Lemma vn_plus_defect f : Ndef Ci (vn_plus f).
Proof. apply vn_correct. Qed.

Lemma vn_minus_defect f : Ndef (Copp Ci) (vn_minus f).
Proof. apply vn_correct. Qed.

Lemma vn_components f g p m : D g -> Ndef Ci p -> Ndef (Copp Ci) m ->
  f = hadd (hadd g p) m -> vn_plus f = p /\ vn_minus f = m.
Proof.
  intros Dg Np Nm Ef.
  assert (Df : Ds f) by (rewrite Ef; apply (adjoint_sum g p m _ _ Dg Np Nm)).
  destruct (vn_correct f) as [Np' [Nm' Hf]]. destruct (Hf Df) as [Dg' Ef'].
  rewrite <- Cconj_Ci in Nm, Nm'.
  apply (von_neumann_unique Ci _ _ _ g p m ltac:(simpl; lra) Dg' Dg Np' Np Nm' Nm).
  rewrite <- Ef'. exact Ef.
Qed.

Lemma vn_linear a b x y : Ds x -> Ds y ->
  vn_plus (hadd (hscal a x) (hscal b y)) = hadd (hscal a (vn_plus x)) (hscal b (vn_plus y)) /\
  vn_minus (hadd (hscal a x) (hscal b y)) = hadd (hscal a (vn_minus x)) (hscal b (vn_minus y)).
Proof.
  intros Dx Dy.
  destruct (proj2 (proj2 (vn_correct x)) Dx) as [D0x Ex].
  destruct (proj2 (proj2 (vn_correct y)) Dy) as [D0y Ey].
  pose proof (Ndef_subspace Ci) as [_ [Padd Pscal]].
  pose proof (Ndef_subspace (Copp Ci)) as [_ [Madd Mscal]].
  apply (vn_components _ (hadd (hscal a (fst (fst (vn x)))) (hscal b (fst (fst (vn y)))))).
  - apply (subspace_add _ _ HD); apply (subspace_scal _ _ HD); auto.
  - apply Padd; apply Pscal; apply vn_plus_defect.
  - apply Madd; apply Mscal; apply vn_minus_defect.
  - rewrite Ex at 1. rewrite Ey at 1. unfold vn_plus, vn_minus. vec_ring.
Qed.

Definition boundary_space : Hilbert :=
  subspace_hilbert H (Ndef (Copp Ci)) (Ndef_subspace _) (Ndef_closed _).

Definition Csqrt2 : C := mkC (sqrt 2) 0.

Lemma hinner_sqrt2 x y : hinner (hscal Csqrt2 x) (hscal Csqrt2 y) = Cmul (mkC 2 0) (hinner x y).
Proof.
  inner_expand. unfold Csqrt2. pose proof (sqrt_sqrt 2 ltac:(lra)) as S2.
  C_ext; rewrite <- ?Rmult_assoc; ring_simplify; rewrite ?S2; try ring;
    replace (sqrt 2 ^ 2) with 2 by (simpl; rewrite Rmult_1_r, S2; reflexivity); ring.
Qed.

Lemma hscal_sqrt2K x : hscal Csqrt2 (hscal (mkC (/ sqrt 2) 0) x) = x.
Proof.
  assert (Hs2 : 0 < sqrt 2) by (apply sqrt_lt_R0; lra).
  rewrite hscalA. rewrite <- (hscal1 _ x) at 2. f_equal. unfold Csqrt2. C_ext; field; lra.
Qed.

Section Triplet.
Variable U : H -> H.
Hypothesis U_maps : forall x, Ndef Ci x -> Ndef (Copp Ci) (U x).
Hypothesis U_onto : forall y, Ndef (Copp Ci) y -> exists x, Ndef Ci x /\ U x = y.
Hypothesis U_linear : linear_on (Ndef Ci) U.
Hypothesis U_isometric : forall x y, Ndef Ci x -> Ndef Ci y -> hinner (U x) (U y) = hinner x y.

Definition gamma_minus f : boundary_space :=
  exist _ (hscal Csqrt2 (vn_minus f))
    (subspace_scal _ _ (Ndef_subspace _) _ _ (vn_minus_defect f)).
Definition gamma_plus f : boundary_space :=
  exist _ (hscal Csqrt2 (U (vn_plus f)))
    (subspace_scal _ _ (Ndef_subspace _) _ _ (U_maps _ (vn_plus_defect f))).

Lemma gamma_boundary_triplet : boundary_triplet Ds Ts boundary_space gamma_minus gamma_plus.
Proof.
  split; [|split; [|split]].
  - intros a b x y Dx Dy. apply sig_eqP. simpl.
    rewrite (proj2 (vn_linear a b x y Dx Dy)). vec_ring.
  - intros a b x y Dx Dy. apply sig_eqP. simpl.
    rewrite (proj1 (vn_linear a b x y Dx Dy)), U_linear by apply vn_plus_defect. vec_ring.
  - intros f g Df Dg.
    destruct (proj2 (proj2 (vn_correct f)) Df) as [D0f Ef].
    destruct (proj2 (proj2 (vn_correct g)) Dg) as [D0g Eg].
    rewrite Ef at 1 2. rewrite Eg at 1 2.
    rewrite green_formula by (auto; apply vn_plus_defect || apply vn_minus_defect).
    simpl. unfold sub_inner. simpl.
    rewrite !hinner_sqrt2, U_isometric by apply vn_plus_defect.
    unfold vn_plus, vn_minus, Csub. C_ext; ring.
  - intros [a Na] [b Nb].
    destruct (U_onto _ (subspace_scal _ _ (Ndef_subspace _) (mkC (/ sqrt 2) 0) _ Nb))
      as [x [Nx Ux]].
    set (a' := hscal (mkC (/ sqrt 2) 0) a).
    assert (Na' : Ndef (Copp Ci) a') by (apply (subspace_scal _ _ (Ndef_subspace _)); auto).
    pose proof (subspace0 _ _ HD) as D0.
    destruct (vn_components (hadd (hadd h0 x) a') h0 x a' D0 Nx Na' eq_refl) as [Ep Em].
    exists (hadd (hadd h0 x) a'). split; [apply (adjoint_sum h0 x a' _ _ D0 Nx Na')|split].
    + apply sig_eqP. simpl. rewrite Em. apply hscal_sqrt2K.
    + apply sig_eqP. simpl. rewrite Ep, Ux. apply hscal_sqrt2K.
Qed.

ABOUT THIS EXERCISE —
Each line of the records with the word "auto" in it is to be copied.

YOUR SOLUTION —
  - apply (subspace_add _ _ HD); apply (subspace_scal _ _ HD); auto.
    rewrite green_formula by (auto; apply vn_plus_defect || apply vn_minus_defect).
    assert (Na' : Ndef (Copp Ci) a') by (apply (subspace_scal _ _ (Ndef_subspace _)); auto).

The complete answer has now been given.